MP You have often collaborated with visual artists and designers. How do visual concepts influence the way you approach music composition, particularly on this album?
CA I see the world through the lens of cinematography. For me, it is all a living film. This is why the album feels like a soundtrack. It is the score of my life. It is the embers rising from a fully lived experience, not arbitrary concepts. When I collaborate with like-minded people, this attitude is reinforced naturally.
MP The album seems to engage with both personal and collective histories. How do you balance the autobiographical with the cultural or societal in your work?

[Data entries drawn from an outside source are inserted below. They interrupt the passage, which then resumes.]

(* Let $\lambda>0$, $A\in\mathbb{R}^{m\times n}$, $b\in\mathbb{R}^m$, let $q=q_1-q_2:\mathbb{R}^m\to[0,+\infty)$ where $q_1:\mathbb{R}^m\to\mathbb{R}$ is continuously differentiable with Lipschitz continuous gradient and $q_2:\mathbb{R}^m\to\mathbb{R}$ is convex and continuous, and let $\mathcal{X}\subseteq\mathbb{R}^n$ be a closed hyperrectangle (possibly unbounded) with $0\in\mathcal{X}$. Set $\Phi(x):=\lambda\frac{\|x\|_1^2}{\|x\|_2^2}+q(Ax-b)$ for $x\neq 0$ and $\nu^\star:=\inf\{\Phi(x):x\in\mathcal{X}\setminus\{0\}\}$, and assume $\nu^\star<\lambda+q(-b)$. Let $\{x^k:k\in\mathbb{N}\}$ be a minimizing sequence, i.e. $x^k\in\mathcal{X}\setminus\{0\}$ for all $k$ and $\lim_{k\to\infty}\Phi(x^k)=\nu^\star$. Then every accumulation point $x^\star$ of $\{x^k\}$ is an optimal solution, i.e. $x^\star\in\mathcal{X}\setminus\{0\}$ and $\Phi(x^\star)=\nu^\star$.
   Context: A closed hyperrectangle is a set $\{x\in\mathbb{R}^n:\underline{x}\le x\le\overline{x}\}$ (componentwise) with $\underline{x}\in(\mathbb{R}\cup\{-\infty\})^n$, $\overline{x}\in(\mathbb{R}\cup\{+\infty\})^n$. The problem considered is $\min_{x\in\mathcal{X}}\Phi(x)$; an optimal solution is a point of $\mathcal{X}\setminus\{0\}$ at which $\Phi$ attains $\nu^\star$. The inequality $\nu^\star<\lambda+q(-b)$ is a standing assumption of the paper (it excludes the trivial solution $0$). *)

From HB Require Import structures.
From mathcomp Require Import all_boot all_order all_algebra.
From mathcomp Require Import boolp classical_sets reals constructive_ereal.
Set Implicit Arguments. Unset Strict Implicit. Unset Printing Implicit Defensive.
Import Order.TTheory GRing.Theory Num.Theory.
Local Open Scope ring_scope.
Local Open Scope classical_set_scope.

Section Defs.
Variable R : realType.

Definition l1norm (n : nat) (x : 'cV[R]_n) : R := \sum_i `|x i 0|.
Definition l2norm (n : nat) (x : 'cV[R]_n) : R := Num.sqrt (\sum_i (x i 0) ^+ 2).
Definition dotv (n : nat) (u v : 'cV[R]_n) : R := \sum_i u i 0 * v i 0.

Definition Phi (m n : nat) (lam : R) (A : 'M[R]_(m, n)) (b : 'cV[R]_m)
  (q : 'cV[R]_m -> R) (x : 'cV[R]_n) : R :=
  lam * (l1norm x ^+ 2 / l2norm x ^+ 2) + q (A *m x - b).

Definition nu_star (m n : nat) (lam : R) (A : 'M[R]_(m, n)) (b : 'cV[R]_m)
  (q : 'cV[R]_m -> R) (X : set 'cV[R]_n) : R :=
  inf [set Phi lam A b q x | x in X `&` [set x | x != 0]].

Definition closed_hyperrectangle (n : nat) (X : set 'cV[R]_n) : Prop :=
  exists lo hi : 'I_n -> \bar R,
    (forall i, lo i != +oo%E) /\ (forall i, hi i != -oo%E) /\
    X = [set x | forall i, (lo i <= (x i 0)%:E <= hi i)%E].

(* g is the gradient of f (Frechet derivative represented via the inner product) *)
Definition is_gradient (m : nat) (f : 'cV[R]_m -> R) (g : 'cV[R]_m -> 'cV[R]_m) : Prop :=
  forall x (eps : R), 0 < eps -> exists2 delta : R, 0 < delta &
    forall y, l2norm (y - x) < delta ->
      `|f y - f x - dotv (g x) (y - x)| <= eps * l2norm (y - x).

Definition lipschitz_map (m : nat) (g : 'cV[R]_m -> 'cV[R]_m) : Prop :=
  exists L : R, forall x y, l2norm (g x - g y) <= L * l2norm (x - y).

(* continuously differentiable with Lipschitz continuous gradient
   (Lipschitz continuity of the gradient implies its continuity) *)
Definition C11 (m : nat) (f : 'cV[R]_m -> R) : Prop :=
  exists g, is_gradient f g /\ lipschitz_map g.

Definition convex_fun (m : nat) (f : 'cV[R]_m -> R) : Prop :=
  forall x y (t : R), 0 <= t <= 1 ->
    f (t *: x + (1 - t) *: y) <= t * f x + (1 - t) * f y.

Definition continuous_fun (m : nat) (f : 'cV[R]_m -> R) : Prop :=
  forall x (eps : R), 0 < eps -> exists2 delta : R, 0 < delta &
    forall y, l2norm (y - x) < delta -> `|f y - f x| < eps.

Definition seq_cvg (u : nat -> R) (l : R) : Prop :=
  forall eps : R, 0 < eps -> exists N, forall k, (N <= k)%N -> `|u k - l| < eps.

Definition accumulation_point (n : nat) (xk : nat -> 'cV[R]_n) (xs : 'cV[R]_n) : Prop :=
  forall eps : R, 0 < eps -> forall N, exists2 k, (N <= k)%N & l2norm (xk k - xs) < eps.

End Defs.

From HB Require Import structures.
From mathcomp Require Import all_boot all_order all_algebra.
From mathcomp Require Import boolp classical_sets reals constructive_ereal.
From mathcomp Require Import topology normedtype.
From mathcomp Require Import lra.
Import Order.TTheory GRing.Theory Num.Theory.
Import numFieldNormedType.Exports.
Set Implicit Arguments. Unset Strict Implicit. Unset Printing Implicit Defensive.
Local Open Scope ring_scope.
Local Open Scope classical_set_scope.

(* Since ||x||_1 >= ||x||_2, Phi is bounded below by the continuous function
   x |-> lam + q(Ax - b), and Phi itself is continuous away from 0.  If a
   subsequence of the minimizing sequence converged to 0, passing to the limit
   in this lower bound would give lam + q(-b) <= nu*, which is excluded; so
   the accumulation point xs is nonzero and continuity gives Phi xs = nu*.
   Coordinatewise bounds pass to the limit, so xs lies in the hyperrectangle. *)

Section Norms.
Variable R : realType.

Lemma sum_sqr_le_sqr_sum (I : Type) (r : seq I) (a : I -> R) :
  (forall i, 0 <= a i) -> \sum_(i <- r) a i ^+ 2 <= (\sum_(i <- r) a i) ^+ 2.
Proof.
move=> a_ge0; elim: r => [|x r IHr]; first by rewrite !big_nil expr0n.
rewrite !big_cons sqrrD -addrA lerD2l; apply: (le_trans IHr); rewrite lerDr.
by apply: mulrn_wge0; apply: mulr_ge0 => //; apply: sumr_ge0.
Qed.

Lemma l2norm_sqr n (x : 'cV[R]_n) : l2norm x ^+ 2 = \sum_i x i 0 ^+ 2.
Proof. by rewrite sqr_sqrtr // sumr_ge0 // => i _; apply: sqr_ge0. Qed.

Lemma l2norm_sqr_le_l1norm_sqr n (x : 'cV[R]_n) : l2norm x ^+ 2 <= l1norm x ^+ 2.
Proof.
rewrite l2norm_sqr /l1norm (eq_bigr (fun i => `|x i 0| ^+ 2)).
  exact: sum_sqr_le_sqr_sum.
by move=> i _; rewrite real_normK // num_real.
Qed.

Lemma l2norm_le_l1norm n (x : 'cV[R]_n) : l2norm x <= l1norm x.
Proof.
rewrite -(ler_pXn2r (n := 2)) ?nnegrE ?sqrtr_ge0 ?sumr_ge0 //.
exact: l2norm_sqr_le_l1norm_sqr.
Qed.

Lemma normr_coord_le_l2norm n (x : 'cV[R]_n) i : `|x i 0| <= l2norm x.
Proof.
rewrite -sqrtr_sqr; apply: ler_wsqrtr.
by rewrite (bigD1 i) //= lerDl sumr_ge0 // => j _; apply: sqr_ge0.
Qed.

Lemma l2norm_sqr_gt0 n (x : 'cV[R]_n) : x != 0 -> 0 < l2norm x ^+ 2.
Proof.
move=> x_neq0; rewrite l2norm_sqr lt0r sumr_ge0 ?andbT => [|i _]; last exact: sqr_ge0.
apply: contra x_neq0 => /eqP /(psumr_eq0P (fun i _ => sqr_ge0 (x i 0))) x0.
by apply/eqP/matrixP => i j; rewrite ord1 mxE; apply/eqP; rewrite -sqrf_eq0 x0.
Qed.

Lemma l1norm_l2norm_ratio_ge1 n (x : 'cV[R]_n) :
  x != 0 -> 1 <= l1norm x ^+ 2 / l2norm x ^+ 2.
Proof.
move=> x_neq0; rewrite ler_pdivlMr ?l2norm_sqr_gt0 // mul1r.
exact: l2norm_sqr_le_l1norm_sqr.
Qed.

Lemma normr_dotv_le n (u v : 'cV[R]_n) : `|dotv u v| <= l1norm u * l2norm v.
Proof.
rewrite /dotv /l1norm mulr_suml; apply: le_trans (ler_norm_sum _ _ _) _.
apply: ler_sum => i _; rewrite normrM; apply: ler_wpM2l => //.
exact: normr_coord_le_l2norm.
Qed.

Lemma l2norm_mulmx_le m n (A : 'M[R]_(m, n)) (v : 'cV[R]_n) :
  l2norm (A *m v) <= (\sum_i \sum_j `|A i j|) * l2norm v.
Proof.
apply: (le_trans (l2norm_le_l1norm _)); rewrite /l1norm mulr_suml.
apply: ler_sum => i _; rewrite mxE mulr_suml; apply: le_trans (ler_norm_sum _ _ _) _.
apply: ler_sum => j _; rewrite normrM; apply: ler_wpM2l => //.
exact: normr_coord_le_l2norm.
Qed.

End Norms.

Section L2Continuity.
Variable R : realType.

(* The topology of ['cV[R]_n] is the sup-norm one; the radius [d / n.+1]
   absorbs the factor [n] in [l2norm <= l1norm <= n * sup-norm]. *)
Lemma nbhs_l2normP n (x : 'cV[R]_n) (P : set 'cV[R]_n) :
  nbhs x P <-> exists2 d : R, 0 < d & forall y, l2norm (y - x) < d -> P y.
Proof.
split.
- move=> /nbhs_ballP [e /= e_gt0 ballP]; exists e => // y xy; apply: ballP.
  split => // i j; rewrite (ord1 j) /ball /= -normrN opprB.
  by apply: le_lt_trans xy; have := normr_coord_le_l2norm (y - x) i; rewrite !mxE.
- move=> [d d_gt0 dP]; apply/nbhs_ballP.
  pose e := d / n.+1%:R; have e_gt0 : 0 < e by rewrite divr_gt0.
  exists e => //= y [_ xy]; apply: dP; apply: le_lt_trans (l2norm_le_l1norm _) _.
  apply: le_lt_trans (_ : _ <= \sum_(i < n) e) _.
    by apply: ler_sum => i _; rewrite !mxE distrC ltW //; apply: xy.
  have -> : d = e *+ n.+1 by rewrite -mulr_natr divfK ?pnatr_eq0.
  by rewrite sumr_const card_ord mulrS ltrDr.
Qed.

Lemma continuous_atP n (f : 'cV[R]_n -> R) x :
  {for x, continuous f} <->
  forall eps : R, 0 < eps -> exists2 d : R, 0 < d &
    forall y, l2norm (y - x) < d -> `|f y - f x| < eps.
Proof.
have nbhs_x_filter : Filter (nbhs x) := nbhs_filter x.
split => [/cvgrPdist_lt fx e e_gt0 | fx]; last apply/cvgrPdist_lt => e e_gt0.
  by have /nbhs_l2normP [d d_gt0 dP] := fx e e_gt0; exists d => // y /dP; rewrite distrC.
apply/nbhs_l2normP; have [d d_gt0 dP] := fx e e_gt0.
by exists d => // y /dP; rewrite distrC.
Qed.

Lemma continuous_funP n (f : 'cV[R]_n -> R) : continuous_fun f <-> continuous f.
Proof. by split => fc x; apply/continuous_atP; apply: fc. Qed.

Lemma coord_continuous n (i : 'I_n) : continuous (fun x : 'cV[R]_n => x i 0).
Proof.
move=> x; apply/continuous_atP => e e_gt0; exists e => // y; apply: le_lt_trans.
by have := normr_coord_le_l2norm (y - x) i; rewrite !mxE.
Qed.

Lemma l1norm_continuous n : continuous (@l1norm R n).
Proof.
apply: (continuous_big add_continuous) => i _ x.
by apply: cvg_norm; [exact: nbhs_filter | exact: coord_continuous].
Qed.

Lemma l2norm_sqr_continuous n : continuous (fun x : 'cV[R]_n => l2norm x ^+ 2).
Proof.
rewrite (funext (@l2norm_sqr R n)).
apply: (continuous_big add_continuous) => i _ x.
by apply: continuousM; apply: coord_continuous.
Qed.

Lemma gradient_continuous_fun m (f : 'cV[R]_m -> R) g :
  is_gradient f g -> continuous_fun f.
Proof.
move=> f_grad x e e_gt0; have [d1 d1_gt0 fd1] := f_grad x 1 ltr01.
have C_gt0 : 0 < 1 + l1norm (g x) by rewrite ltr_pwDl // sumr_ge0.
exists (Num.min d1 (e / (1 + l1norm (g x)))); first by rewrite lt_min d1_gt0 divr_gt0.
move=> y; rewrite lt_min => /andP [yd1 yde].
apply: (le_lt_trans (_ : _ <= (1 + l1norm (g x)) * l2norm (y - x))).
  rewrite -(subrK (dotv (g x) (y - x)) (f y - f x)) mulrDl mul1r.
  apply: (le_trans (ler_normD _ _)); apply: lerD.
    by rewrite -[l2norm _]mul1r; apply: fd1.
  exact: normr_dotv_le.
by rewrite mulrC -ltr_pdivlMr.
Qed.

Lemma continuous_fun_affine_comp m n (q : 'cV[R]_m -> R) (A : 'M[R]_(m, n)) b :
  continuous_fun q -> continuous_fun (fun x => q (A *m x - b)).
Proof.
move=> q_cont x e e_gt0; have [d d_gt0 qd] := q_cont (A *m x - b) e e_gt0.
set C := \sum_i \sum_j `|A i j|.
have C_ge0 : 0 <= C by apply: sumr_ge0 => i _; apply: sumr_ge0.
exists (d / (C + 1)); first by rewrite divr_gt0 // ltr_wpDl.
move=> y yx; apply: qd.
rewrite opprB addrA subrK -mulmxBr; apply: (le_lt_trans (l2norm_mulmx_le _ _)).
apply: (le_lt_trans (_ : _ <= C * (d / (C + 1)))); first by rewrite ler_wpM2l // ltW.
by rewrite mulrA ltr_pdivrMr ?ltr_wpDl // mulrDr mulr1 mulrC ltrDl.
Qed.

End L2Continuity.

Section Objective.
Variables (R : realType) (m n : nat) (lam : R) (A : 'M[R]_(m, n)) (b : 'cV[R]_m).
Variable q : 'cV[R]_m -> R.

Definition Phi_minorant (x : 'cV[R]_n) : R := lam + q (A *m x - b).

Lemma Phi_minorant0 : Phi_minorant 0 = lam + q (- b).
Proof. by rewrite /Phi_minorant mulmx0 sub0r. Qed.

Lemma Phi_minorant_le (x : 'cV[R]_n) : 0 <= lam -> x != 0 ->
  Phi_minorant x <= Phi lam A b q x.
Proof.
by move=> lam_ge0 x_neq0; rewrite lerD2r ler_peMr // l1norm_l2norm_ratio_ge1.
Qed.

Lemma Phi_minorant_continuous_at (x : 'cV[R]_n) :
  continuous_fun q -> {for x, continuous Phi_minorant}.
Proof.
move=> /(continuous_fun_affine_comp A b) /continuous_funP q_cont.
have nbhs_x_filter : Filter (nbhs x) := nbhs_filter x.
exact: cvgD (cvg_cst _) (q_cont x).
Qed.

Lemma Phi_continuous_at (x : 'cV[R]_n) : continuous_fun q -> x != 0 ->
  {for x, continuous (Phi lam A b q)}.
Proof.
move=> /(continuous_fun_affine_comp A b) /continuous_funP q_cont x_neq0.
have nbhs_x_filter : Filter (nbhs x) := nbhs_filter x.
apply: cvgD (q_cont x); apply: cvgM; first exact: cvg_cst.
apply: cvgM; first by apply: cvgM; apply: l1norm_continuous.
by apply: cvgV; [rewrite gt_eqF ?l2norm_sqr_gt0 | apply: l2norm_sqr_continuous].
Qed.

End Objective.

Lemma seq_cvg_cst (R : realType) (c : R) : seq_cvg (fun=> c) c.
Proof. by move=> e e_gt0; exists 0%N => k _; rewrite subrr normr0. Qed.

Lemma seq_cvgN (R : realType) (u : nat -> R) l :
  seq_cvg u l -> seq_cvg (fun k => - u k) (- l).
Proof.
move=> u_cvg e /u_cvg [N uN]; exists N => k /uN.
by rewrite -opprD normrN.
Qed.

Section AccumulationPoint.
Variables (R : realType) (n : nat) (xk : nat -> 'cV[R]_n) (xs : 'cV[R]_n).
Hypothesis xs_acc : accumulation_point xk xs.

Lemma accumulation_point_le (h : 'cV[R]_n -> R) (u : nat -> R) l :
  {for xs, continuous h} -> seq_cvg u l -> (forall k, h (xk k) <= u k) ->
  h xs <= l.
Proof.
move=> /continuous_atP h_cont u_cvg h_le; rewrite leNgt; apply/negP => l_lt.
have e_gt0 : 0 < (h xs - l) / 2 by rewrite divr_gt0 // subr_gt0.
have [d d_gt0 hd] := h_cont _ e_gt0.
have [N uN] := u_cvg _ e_gt0.
have [k /uN] := xs_acc d_gt0 N.
move=> /ltr_distlDr u_lt /hd /ltr_distlCBl h_gt.
have := h_le k; lra.
Qed.

Lemma accumulation_point_cvg (h : 'cV[R]_n -> R) l :
  {for xs, continuous h} -> seq_cvg (fun k => h (xk k)) l -> h xs = l.
Proof.
move=> h_cont h_cvg; apply/eqP; rewrite eq_le.
rewrite (accumulation_point_le h_cont h_cvg) //= -lerN2.
exact: accumulation_point_le (continuousN h_cont) (seq_cvgN h_cvg) _.
Qed.

Lemma closed_hyperrectangle_accumulation (X : set 'cV[R]_n) :
  closed_hyperrectangle X -> (forall k, X (xk k)) -> X xs.
Proof.
move=> [lo [hi [lo_fin [hi_fin ->]]]] /= xk_X i.
have lo_le k := (andP (xk_X k i)).1; have le_hi k := (andP (xk_X k i)).2.
apply/andP; split.
- move: (lo_fin i) lo_le; case: (lo i) => [r _ r_le | // | _ _]; last exact: leNye.
  rewrite lee_fin -lerN2; apply: (accumulation_point_le (h := fun x => - x i 0)).
  + exact/continuousN/coord_continuous.
  + exact: seq_cvg_cst.
  + by move=> k; rewrite lerN2 -lee_fin.
- move: (hi_fin i) le_hi; case: (hi i) => [r _ le_r | _ _ | //]; last exact: leey.
  rewrite lee_fin; apply: (accumulation_point_le (h := fun x => x i 0)).
  + exact: coord_continuous.
  + exact: seq_cvg_cst.
  + by move=> k; rewrite -lee_fin.
Qed.

End AccumulationPoint.

Theorem lemma3p1 (R : realType) (m n : nat) (lam : R) (A : 'M[R]_(m, n))
  (b : 'cV[R]_m) (q1 q2 : 'cV[R]_m -> R) (X : set 'cV[R]_n)
  (xk : nat -> 'cV[R]_n) (xs : 'cV[R]_n) :
  0 < lam ->
  C11 q1 ->
  convex_fun q2 -> continuous_fun q2 ->
  (forall z, 0 <= q1 z - q2 z) ->
  closed_hyperrectangle X -> X 0 ->
  nu_star lam A b (fun z => q1 z - q2 z) X < lam + (q1 (- b) - q2 (- b)) ->
  (forall k, X (xk k) /\ xk k != 0) ->
  seq_cvg (fun k => Phi lam A b (fun z => q1 z - q2 z) (xk k))
          (nu_star lam A b (fun z => q1 z - q2 z) X) ->
  accumulation_point xk xs ->
  [/\ X xs, xs != 0 &
      Phi lam A b (fun z => q1 z - q2 z) xs = nu_star lam A b (fun z => q1 z - q2 z) X].
Proof.
move=> lam_gt0 [g [q1_grad _]] _ q2_cont _ X_rect _ nu_lt xk_X Phi_cvg xs_acc.
have q_cont : continuous_fun (fun z => q1 z - q2 z).
  move/continuous_funP: (gradient_continuous_fun q1_grad) => q1_cont.
  move/continuous_funP: q2_cont => q2_cont.
  by apply/continuous_funP => z; exact: continuousB (q1_cont z) (q2_cont z).
have xs_neq0 : xs != 0.
  apply: contraTneq nu_lt => xs0; rewrite -leNgt.
  have := accumulation_point_le xs_acc (Phi_minorant_continuous_at q_cont)
    Phi_cvg (fun k => Phi_minorant_le A b _ (ltW lam_gt0) (xk_X k).2).
  by rewrite xs0 Phi_minorant0.
split => //.
- by apply: (closed_hyperrectangle_accumulation xs_acc X_rect) => k; case: (xk_X k).
- exact: (accumulation_point_cvg xs_acc (Phi_continuous_at q_cont xs_neq0) Phi_cvg).
Qed.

CA That is simply the way I process information and recognize patterns. It is in my DNA. I am not going out of my way to balance anything. It is just me being more aligned with God, nature, and my own nature. It is as natural as speaking for me. But it is also why the album is inspired by Russian writers like Dostoevsky and filmmakers like Tarkovsky. They handled this balance so deftly.
MP You were featured in Simon Reynolds’ 2019 article “The Rise of Conceptronica.” How did you feel about being bracketed within that essay? Does the term “conceptronica” have any meaning to you over five years later? Looking back on your own oeuvre, do you perceive patterns or “through-lines” that you were not aware of while creating it?
CA I think what is more interesting than how I did or did not feel about that is this through line. Here is an excerpt from an interview Conrad Flynn recently did with Tucker Carlson, in which Simon Reynolds is mentioned concerning the occult and AI:
“One of the ways I actually really got into this stuff is a friend of mine, Simon Reynolds, brilliant cultural critic, brilliant rock critic, originally from the UK. I brought him on the music show, and he interviewed Nick Land. Simon is the most stiff upper lip, very intellectual English guy you could know. The fact that he was interviewing Nick Land, who people said was crazy, into the occult, into all these wild things, made me think that if Simon interviewed him, this would be a down to earth understanding of who Nick Land is because Simon is very down to earth.
When I read Simon’s interview with him, which is from 1998 and also where Simon meets the philosopher Mark Fisher, which I got to relish, I thought this is probably the first and last time someone will bring up Mark Fisher on your podcast, Tuck. I wanted to savor that moment. Simon interviews Nick Land, and in his very lengthy article he talks about how Nick Land is supposedly possessed by three or four entities at the same time. That is the legend, and we do not know. Take what you will from any of this. But these are spiritual entities. Demons. Nick Land was really into demons. He brings up the 93rd Current, which is the name of a band, Current 93, tied to Aleister Crowley’s Thelema. They are drawing pentagrams. They are renting Aleister Crowley’s house.
That was a huge moment for me when I realized that this guy who is very big in tech and very big on the future of AI, and my friend is interviewing him, is deeply into these heavy industrial goth things that I know from this research here. What is he doing in AI?”
Eroica 2: Christian Nihilism is out now on Drowned By Locals.